--- RECORDS SUPPLIED ---
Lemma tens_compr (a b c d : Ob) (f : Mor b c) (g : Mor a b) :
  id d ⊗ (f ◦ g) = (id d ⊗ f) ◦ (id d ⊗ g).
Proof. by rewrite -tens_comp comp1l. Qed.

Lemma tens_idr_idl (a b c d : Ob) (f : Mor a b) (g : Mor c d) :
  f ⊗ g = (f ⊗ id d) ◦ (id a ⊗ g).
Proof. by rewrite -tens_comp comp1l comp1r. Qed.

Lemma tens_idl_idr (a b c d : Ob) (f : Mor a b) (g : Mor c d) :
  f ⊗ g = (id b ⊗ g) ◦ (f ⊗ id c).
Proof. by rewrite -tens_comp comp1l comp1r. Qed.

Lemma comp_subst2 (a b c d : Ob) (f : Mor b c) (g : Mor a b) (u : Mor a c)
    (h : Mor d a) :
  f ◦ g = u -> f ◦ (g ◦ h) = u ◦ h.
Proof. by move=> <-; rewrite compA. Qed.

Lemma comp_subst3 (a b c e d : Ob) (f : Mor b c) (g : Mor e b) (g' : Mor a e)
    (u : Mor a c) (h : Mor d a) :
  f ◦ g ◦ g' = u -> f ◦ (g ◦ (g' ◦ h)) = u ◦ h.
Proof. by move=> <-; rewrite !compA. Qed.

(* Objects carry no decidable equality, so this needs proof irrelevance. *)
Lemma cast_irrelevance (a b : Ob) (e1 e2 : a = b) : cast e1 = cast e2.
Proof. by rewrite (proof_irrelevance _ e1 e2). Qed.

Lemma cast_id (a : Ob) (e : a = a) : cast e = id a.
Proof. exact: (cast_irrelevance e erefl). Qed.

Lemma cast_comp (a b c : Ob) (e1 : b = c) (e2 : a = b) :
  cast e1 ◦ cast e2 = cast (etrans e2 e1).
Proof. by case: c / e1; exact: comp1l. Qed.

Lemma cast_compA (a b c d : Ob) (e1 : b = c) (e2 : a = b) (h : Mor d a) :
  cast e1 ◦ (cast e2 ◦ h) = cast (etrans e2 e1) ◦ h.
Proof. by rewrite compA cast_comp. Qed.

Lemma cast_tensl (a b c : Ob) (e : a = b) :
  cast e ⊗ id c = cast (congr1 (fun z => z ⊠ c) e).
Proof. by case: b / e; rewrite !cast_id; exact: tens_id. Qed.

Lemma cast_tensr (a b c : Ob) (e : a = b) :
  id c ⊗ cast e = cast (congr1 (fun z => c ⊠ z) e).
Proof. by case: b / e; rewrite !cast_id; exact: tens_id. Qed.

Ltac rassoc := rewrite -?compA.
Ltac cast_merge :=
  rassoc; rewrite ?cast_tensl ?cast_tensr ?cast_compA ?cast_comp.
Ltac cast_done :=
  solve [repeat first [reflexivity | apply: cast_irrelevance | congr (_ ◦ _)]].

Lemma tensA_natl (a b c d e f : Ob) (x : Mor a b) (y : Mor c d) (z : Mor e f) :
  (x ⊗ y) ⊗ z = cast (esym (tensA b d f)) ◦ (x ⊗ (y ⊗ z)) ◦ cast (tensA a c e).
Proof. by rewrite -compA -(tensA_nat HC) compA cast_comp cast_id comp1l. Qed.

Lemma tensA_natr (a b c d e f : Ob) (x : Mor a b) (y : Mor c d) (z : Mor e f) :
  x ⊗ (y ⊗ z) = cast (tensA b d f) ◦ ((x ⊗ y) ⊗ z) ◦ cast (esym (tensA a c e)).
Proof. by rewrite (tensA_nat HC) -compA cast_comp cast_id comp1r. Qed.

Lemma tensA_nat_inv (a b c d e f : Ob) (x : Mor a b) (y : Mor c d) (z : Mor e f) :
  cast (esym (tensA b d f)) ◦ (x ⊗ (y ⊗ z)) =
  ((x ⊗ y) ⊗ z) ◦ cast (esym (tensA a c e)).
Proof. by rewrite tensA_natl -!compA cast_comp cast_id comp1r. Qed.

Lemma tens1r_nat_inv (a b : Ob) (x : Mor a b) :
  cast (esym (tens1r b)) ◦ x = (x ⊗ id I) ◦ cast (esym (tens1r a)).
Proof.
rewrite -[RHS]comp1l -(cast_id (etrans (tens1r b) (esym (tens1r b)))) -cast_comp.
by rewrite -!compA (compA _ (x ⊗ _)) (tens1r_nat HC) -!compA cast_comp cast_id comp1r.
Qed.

--- EXERCISE PROMPT ---
Would you copy out each line of the records above where the word "Ltac" occurs?

--- ANSWER AREA ---
Ltac rassoc := rewrite -?compA.
Ltac cast_merge :=
Ltac cast_done :=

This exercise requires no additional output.